**ACTIVITY**
Reproduce word for word every line of the entries below, from the line containing "Definition emitted (st" through the final line, and nothing else.

** Opening RECORDS TO PROCESS block **

Lemma sandwich_short_part p q r w : sandwich p q (short_part p q r) w != 0 -> ~ long_class w.
Proof.
case/sandwich_neq0 => c [hm]; rewrite /short_part => /lincomb_neq0 [i ha hc].
move: ha; destruct (excluded_middle_informative (long_basis_elt p q i)) as [hl|hl].
  by rewrite eqxx.
move=> _ hw; apply: hl => c' w' hc' hm' u hs; apply: hw.
apply: rst_trans hs; apply: rst_step.
exists (nat_of_ord i), p, q, c, c'.
by do !split => //; apply: middle_concat.
Qed.

Definition long_term (o : gterm) : gterm :=
  if o is Some (p, r, q) then Some (p, long_part p q r, q) else None.

Definition short_term (o : gterm) : gterm :=
  if o is Some (p, r, q) then Some (p, short_part p q r, q) else None.

Lemma Rterm_long o : Rterm R (long_term o).
Proof. by case: o => [[[p r] q]|] //=; apply: R_lincomb. Qed.

Lemma Rterm_short o : Rterm R (short_term o).
Proof. by case: o => [[[p r] q]|] //=; apply: R_lincomb. Qed.

Lemma pterm_long_short o w : Rterm R o ->
  pterm psi o w = pterm psi (long_term o) w + pterm psi (short_term o) w.
Proof.
case: o => [[[p r] q]|] /= ho; last by rewrite addr0.
rewrite -sandwichD {1}(long_short_part p q ho) /sandwich.
by case: (middle p q w) => // c; apply: (idpsiD Hpsi); apply: R_lincomb.
Qed.

Lemma pterm_short_eq0 o w :
  (if o is Some (p, _, q) then is_true (H < plen p + plen q)%N else True) ->
  pterm psi (short_term o) w = 0.
Proof.
case: o => [[[p r] q]|] //= hpq; rewrite short_part_eq0 // /sandwich.
by case: (middle p q w) => // c; exact: (idpsi0 HR Hpsi).
Qed.

Lemma residue_long_term o w : ~ long_class w -> residue m (pterm psi (long_term o) w) = 0.
Proof.
move=> hw; rewrite (residue_pterm Hdb Hpsi _ (Rterm_long o)).
by case: o => [[[p r] q]|] //=; apply/eqP/negPn/negP => /sandwich_long_part.
Qed.

Lemma residue_short_term o w : long_class w -> residue m (pterm psi (short_term o) w) = 0.
Proof.
move=> hw; rewrite (residue_pterm Hdb Hpsi _ (Rterm_short o)).
by case: o => [[[p r] q]|] //=; apply/eqP/negPn/negP => /sandwich_short_part.
Qed.

Lemma Pgen_split W : in_Pgen m R psi W ->
  (forall w, residue m (W w) != 0 -> (plen w <= L)%N) ->
  exists WA WU, [/\ in_IP_CQ m R psi WA, in_BCQ m WA, in_mpowIP m R psi 1 WU &
    forall w, W w = WA w + WU w].
Proof.
move=> /in_PgenP [t [Rt [dt st]]] hres; case: (dt H.+1) => M hM.
have short0 i w : (M <= i)%N -> pterm psi (short_term (t i)) w = 0.
  by move=> /hM; apply: pterm_short_eq0.
pose WA w := \sum_(i < M) pterm psi (short_term (t i)) w.
pose WU w := W w - WA w.
have stU : sum_to m (fun i => pterm psi (long_term (t i))) WU.
  apply: sum_to_ext (sum_toB st (sum_to_fin m short0)) => i w.
  by rewrite (pterm_long_short w (Rt i)) addrK.
have PU : in_Pgen m R psi WU.
  apply/in_PgenP; exists (fun i => long_term (t i)); split; first by move=> i; apply: Rterm_long.
  split => // N; case: (dt N) => M' hM'; exists M' => i /hM'.
  by case: (t i) => [[[p r] q]|].
have resU w : residue m (WU w) = 0.
  (* long classes carry no short term, and the long terms vanish mod m elsewhere *)
  case: (classic (long_class w)) => hw.
    rewrite /WU (residueB Hdb) /WA (residue_sum Hdb) big1 => [|i _]; last exact: residue_short_term.
    rewrite subr0; apply/eqP/negPn/negP => /hres; rewrite leqNgt.
    by move/negP; apply; apply: long_class_len.
  case: (converges_residue Hdb (stU w)) => N /(_ N (leqnn N)) <-.
  by rewrite (residue_sum Hdb) big1 // => i _; apply: residue_long_term.
exists WA, WU; split.
- exact: in_IP_CQ_pterm_sum (fun i => Rterm_short _).
- apply: (@in_BCQ_sum _ _ _ _ (index_enum 'I_M) (fun i => pterm psi (short_term (t i)))) => i.
  exact/(in_BCQ_pterm HR Hpsi)/Rterm_short.
- apply: in_mpowIP_of_mY; apply: HIP; first exact: in_IP_of_Pgen.
  by move=> w; apply/(residue_eq0 Hdb).
- by move=> w; rewrite /WU addrC subrK.
Qed.

End BoundedTypeSplit.

(** * The inductive step and the assembled series *)

Definition lsum (B : comAlgType CC) (Q : quiver) (l : seq (B * (qpath Q -> B))) (w : qpath Q) : B :=
  \sum_(it <- l) it.1 * it.2 w.

Lemma Forall_map_iota (T : Type) (P : T -> Prop) (f : nat -> T) a d :
  (forall s, (a <= s < a + d)%N -> P (f s)) -> List.Forall P [seq f s | s <- iota a d].
Proof.
elim: d a => [|d IH] a h /=; constructor; first by apply: h; rewrite leqnn addnS ltnS leq_addr.
by apply: IH => s /andP [hs hs']; apply: h; rewrite ltnW //= -addSnnS.
Qed.

Section KeyStep.
Variables (B : comAlgType CC) (m : B -> Prop).
Hypothesis Hdb : deformation_base m.
Variables (Q : quiver) (R : (qpath Q -> CC) -> Prop) (psi : (qpath Q -> CC) -> qpath Q -> B).
Hypothesis HR : sub_bimodule_CQge1 R.
Hypothesis Hpsi : bimodule_map_to_mCQ m R psi.
Hypothesis HIP : forall z, in_IP m R psi z -> in_mCQhat m z -> mY m (in_IP m R psi) z.
Variable F : seq (qpath Q -> CC).
Hypothesis HF : is_basis R F.
Hypothesis Hbd : forall N, exists H, forall p q : qpath Q,
  (plen p <= N)%N -> sim F p q -> (plen q <= H)%N.
Implicit Types (y z : qpath Q -> B).

Lemma in_mpowIP1_of_IP_CQ z : in_IP_CQ m R psi z -> in_mCQhat m z -> in_mpowIP m R psi 1 z.
Proof.
move=> /in_IP_of_IP_CQ /(in_IP_decomp Hdb HR Hpsi) [W [V [hW [hV e]]]] hzm.
have hWm : in_mCQhat m W.
  move=> w; have := mB Hdb (hzm w) ((mpow1 (m_ideal Hdb) _).1 (in_mpowIP_mpow hV w)).
  by rewrite e addrK.
apply: in_mpowIP_ext (in_mpowIPD (in_mpowIP_of_mY (HIP (in_IP_of_Pgen hW) hWm)) hV) => w.
by rewrite e.
Qed.

Lemma in_mpowIP_basis_lead K y : in_mpowIP m R psi K y ->
  exists (e : seq B) (V : nat -> qpath Q -> B),
    [/\ forall s, (s < size e)%N -> mpow m K e`_s, indep_mod m K e,
        forall s, in_Pgen m R psi (V s) &
        in_mpowIP m R psi K.+1 (fun w => y w - \sum_(s < size e) e`_s * V s w)].
Proof.
case/(in_mpowIP_lead Hdb HR Hpsi) => N [b [W [hbW hrest]]].
case: (basis_mod Hdb K) => e [he hind hsp].
have /choice [cc hcc] : forall j, exists c, mpow m K.+1 (b j - comb e c).
  by move=> j; apply: hsp; case: (hbW j).
pose V s w := \sum_(j < N) (cc j s)%:A * W j w.
exists e, V; split => // [s|].
  apply: in_Pgen_sum => j.
  by apply: (in_PgenZ HR Hpsi); case: (hbW j).
have hdev : in_mpowIP m R psi K.+1 (fun w => \sum_(j < N) (b j - comb e (cc j)) * W j w).
  apply: in_mpowIP_sum => j.
  rewrite -[K.+1]addn0; apply: in_mpowIPMl (hcc j) _.
  by apply/in_mpowIP_of_IP/in_IP_of_Pgen; case: (hbW j).
apply: in_mpowIP_ext (in_mpowIPD hrest hdev) => w.
have -> : \sum_(s < size e) e`_s * V s w = \sum_(j < N) comb e (cc j) * W j w.
  rewrite /V; under eq_bigr do rewrite mulr_sumr.
  rewrite exchange_big /=; apply: eq_bigr => j _.
  by rewrite /comb mulr_suml; apply: eq_bigr => s _; rewrite mulrCA mulrA mulr_algl.
have -> : \sum_(j < N) (b j - comb e (cc j)) * W j w =
    \sum_(j < N) b j * W j w - \sum_(j < N) comb e (cc j) * W j w.
  by rewrite -sumrB; apply: eq_bigr => j _; rewrite mulrBl.
by ring.
Qed.

Lemma in_mpowIP_step K y : in_mpowIP m R psi K y -> in_BCQ m y ->
  exists (l : seq (B * (qpath Q -> B))) y',
    [/\ List.Forall (fun it => mpow m K it.1 /\ in_IP_CQ m R psi it.2) l,
        in_mpowIP m R psi K.+1 y', in_BCQ m y' & forall w, y w = lsum l w + y' w].
Proof.
move=> hy hyB; case: (in_mpowIP_basis_lead hy) => e [V [he hind hV hrest]].
case: (hyB K.+1) => S hS; pose L := (\max_(u <- S) plen u)%N.
have hres s w : (s < size e)%N -> residue m (V s w) != 0 -> (plen w <= L)%N.
  move=> hs hr; apply: leq_bigmax_seq => //; apply: hS => hyw; move/eqP: hr; apply.
  apply: (indep_mod_residue Hdb (x := fun s => V s w)) hind _ s hs => //.
  by have := mpowB hyw (in_mpowIP_mpow hrest w); rewrite opprB addrC subrK.
case: (Hbd L) => H hH.
have /(choice_lt (fun _ => 0, fun _ => 0)) [AU hAU] : forall s, (s < size e)%N ->
    exists AU : (qpath Q -> B) * (qpath Q -> B),
      [/\ in_IP_CQ m R psi AU.1, in_BCQ m AU.1, in_mpowIP m R psi 1 AU.2 &
          forall w, V s w = AU.1 w + AU.2 w].
  move=> s hs; case: (Pgen_split Hdb HR Hpsi HIP HF hH (hV s) (fun w => hres s w hs)).
  by move=> WA [WU hWAU]; exists (WA, WU).
pose l := [seq (e`_s, (AU s).1) | s <- iota 0 (size e)].
have hl w : lsum l w = \sum_(s < size e) e`_s * (AU s).1 w.
  rewrite /lsum big_map.
  have -> : iota 0 (size e) = index_iota 0 (size e) by rewrite /index_iota subn0.
  by rewrite big_mkord.
exists l, (fun w => y w - lsum l w); split.
- apply: Forall_map_iota => s /andP [_ hs].
  by case: (hAU s hs) => hA _ _ _; split => //; apply: he.
- have hU : in_mpowIP m R psi K.+1 (fun w => \sum_(s < size e) e`_s * (AU s).2 w).
    apply: in_mpowIP_sum => s; rewrite -addn1.
    by case: (hAU s (ltn_ord s)) => _ _ hU _; apply: in_mpowIPMl (he s (ltn_ord s)) hU.
  apply: in_mpowIP_ext (in_mpowIPD hU hrest) => w; rewrite hl.
  have -> : \sum_(s < size e) e`_s * V s w =
      \sum_(s < size e) e`_s * (AU s).1 w + \sum_(s < size e) e`_s * (AU s).2 w.
    rewrite -big_split; apply: eq_bigr => s _.
    by case: (hAU s (ltn_ord s)) => _ _ _ ->; rewrite mulrDr.
  by ring.
- apply: in_BCQB hyB (in_BCQ_ext (fun w => esym (hl w)) _).
  by apply: in_BCQ_sum => s; apply: in_BCQMl; case: (hAU s (ltn_ord s)).
- by move=> w; rewrite addrC subrK.
Qed.

End KeyStep.

Section BlockSeries.
Variables (B : comAlgType CC) (m : B -> Prop) (Q : quiver).
Variables (Y : (qpath Q -> B) -> Prop) (good : nat -> (qpath Q -> B) -> Prop).
Hypothesis Y0 : Y (fun _ => 0).
Hypothesis good_mpow : forall K y w, good K y -> mpow m K (y w).

Local Notation item := (B * (qpath Q -> B))%type.
Local Notation block K l := (List.Forall (fun it : item => mpow m K it.1 /\ Y it.2) l).

Definition block_spec K (y : qpath Q -> B) (ly : seq item * (qpath Q -> B)) : Prop :=
  [/\ block K ly.1, good K.+1 ly.2 & forall w, y w = lsum ly.1 w + ly.2 w].

Hypothesis block_step : forall K y, good K y -> exists ly, block_spec K y ly.

Definition next_block K y : seq item * (qpath Q -> B) :=
  epsilon (inhabits ([::], y)) (block_spec K y).

Lemma next_blockP K y : good K y -> block_spec K y (next_block K y).
Proof. by move/block_step; apply: epsilon_spec. Qed.

(* A state [(K, l, y)] holds the pending items [l] of level [K] and the remainder [y]. *)
Definition state := (nat * seq item * (qpath Q -> B))%type.

Definition refill K y : state := ((K, (next_block K y).1), (next_block K y).2).

Definition step (st : state) : state :=
  match st with
  | (K, _ :: l, y) => (K, l, y)
  | (K, [::], y) => refill K.+1 y
  end.

(* An empty pending list emits a zero item: this keeps every step productive. *)
Definition emitted (st : state) : item :=
  if st is (_, it :: _, _) then it else (0, fun _ => 0).

Variable z : qpath Q -> B.
Hypothesis good_z : good 1 z.

Definition states n : state := iter n step (refill 1 z).
Definition level n : nat := (states n).1.1.

Definition pending n := (states n).1.2.
Definition remainder n := (states n).2.
Definition partial_sum n w := \sum_(i < n) (emitted (states i)).1 * (emitted (states i)).2 w.

Definition state_inv n : Prop :=
  [/\ (1 <= level n)%N, block (level n) (pending n), good (level n).+1 (remainder n) &
      forall w, z w = partial_sum n w + lsum (pending n) w + remainder n w].

Lemma state_inv0 : state_inv 0.
Proof.
have [hl hy e] := next_blockP good_z.
by split => // w; rewrite /partial_sum big_ord0 add0r e.
Qed.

** Closing RECORDS TO PROCESS block **

**RESULT FOR THIS TASK**
Definition emitted (st : state) : item :=
  if st is (_, it :: _, _) then it else (0, fun _ => 0).

Variable z : qpath Q -> B.
Hypothesis good_z : good 1 z.

Definition states n : state := iter n step (refill 1 z).
Definition level n : nat := (states n).1.1.

Definition pending n := (states n).1.2.
Definition remainder n := (states n).2.
Definition partial_sum n w := \sum_(i < n) (emitted (states i)).1 * (emitted (states i)).2 w.

Definition state_inv n : Prop :=
  [/\ (1 <= level n)%N, block (level n) (pending n), good (level n).+1 (remainder n) &
      forall w, z w = partial_sum n w + lsum (pending n) w + remainder n w].

Lemma state_inv0 : state_inv 0.
Proof.
have [hl hy e] := next_blockP good_z.
by split => // w; rewrite /partial_sum big_ord0 add0r e.
Qed.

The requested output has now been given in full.